(* Let $A$ be a nontrivial commutative group and $R$ a nonzero commutative ring. (a) If $A$ has an element of infinite order, then the augmentation ideal of $R[A]$ is not nilpotent. (b) The augmentation ideal of $\mathbb{Z}[A]$ is not nilpotent. (c) Let $m,N\ge2$. If there is a prime $p$ with $p\mid N$ and $p\nmid m$, and $A$ has an element of order $m$, then $\nu((\mathbb{Z}/N\mathbb{Z})[A])=\infty$. (d) If $A$ is finite, then $\nu(R[A])\ge\max(\exp(A),\operatorname{rank}(A))$.
   Context: For a commutative ring $R$ and commutative group $A$, the augmentation ideal $I$ of the group ring $R[A]$ is the kernel of $\sum r_a[a]\mapsto\sum r_a$; $\nu(R[A])$ is the least $n\in\mathbb N$ with $I^n=0$, or $\infty$ if none exists. For a finite commutative group $A$, $\exp(A)$ is its exponent and $\operatorname{rank}(A)$ is the least $n$ such that $A$ is a direct sum of $n$ cyclic groups. *)

From HB Require Import structures.
From mathcomp Require Import all_boot all_order all_algebra all_fingroup all_solvable.
From mathcomp Require Import freeg.

Set Implicit Arguments.
Unset Strict Implicit.
Unset Printing Implicit Defensive.

Import GRing.Theory.
Local Open Scope ring_scope.

(* The group ring R[A] of a (possibly infinite) commutative group A   *)
(* (a zmodType, written additively) over a commutative ring R.         *)
(* Its elements are the finite formal sums \sum_a r_a [a], realised as *)
(* multinomials' free module {freeg A / R} (canonical representation,  *)
(* so Leibniz equality is equality in R[A]).  Multiplication is the    *)
Section GroupRing.
Variables (R : comNzRingType) (A : zmodType).

Definition gring := {freeg A / R}.

Definition gr_mono (r : R) (a : A) : gring := << r *g a >>.

Definition gr_one : gring := gr_mono 1 0.

Definition gr_mul (f g : gring) : gring :=
  \sum_(x <- dom f) \sum_(y <- dom g) gr_mono (coeff x f * coeff y g) (x + y).

Definition augmentation (f : gring) : R := \sum_(x <- dom f) coeff x f.

Definition gr_prod (s : seq gring) : gring := foldr gr_mul gr_one s.

(* I^n = 0, where I is the augmentation ideal: since I^n is additively *)
(* spanned by the products of n elements of I, this says every product *)
(* of n elements of augmentation 0 vanishes.                          *)
Definition aug_pow_zero (n : nat) : Prop :=
  forall s : n.-tuple gring,
    all (fun f => augmentation f == 0) s -> gr_prod s = 0.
--------------------------------
> TASK GOAL: Among the records above, only the lines between the line holding "(* multinomials' free" and the line holding "forall s : n.-tuple", inclusive, are to be output, exactly as written.

> YOUR SOLUTION:
(* multinomials' free module {freeg A / R} (canonical representation,  *)
(* so Leibniz equality is equality in R[A]).  Multiplication is the    *)
Section GroupRing.
Variables (R : comNzRingType) (A : zmodType).

Definition gring := {freeg A / R}.

Definition gr_mono (r : R) (a : A) : gring := << r *g a >>.

Definition gr_one : gring := gr_mono 1 0.

Definition gr_mul (f g : gring) : gring :=
  \sum_(x <- dom f) \sum_(y <- dom g) gr_mono (coeff x f * coeff y g) (x + y).

Definition augmentation (f : gring) : R := \sum_(x <- dom f) coeff x f.

Definition gr_prod (s : seq gring) : gring := foldr gr_mul gr_one s.

(* I^n = 0, where I is the augmentation ideal: since I^n is additively *)
(* spanned by the products of n elements of I, this says every product *)
(* of n elements of augmentation 0 vanishes.                          *)
Definition aug_pow_zero (n : nat) : Prop :=
  forall s : n.-tuple gring,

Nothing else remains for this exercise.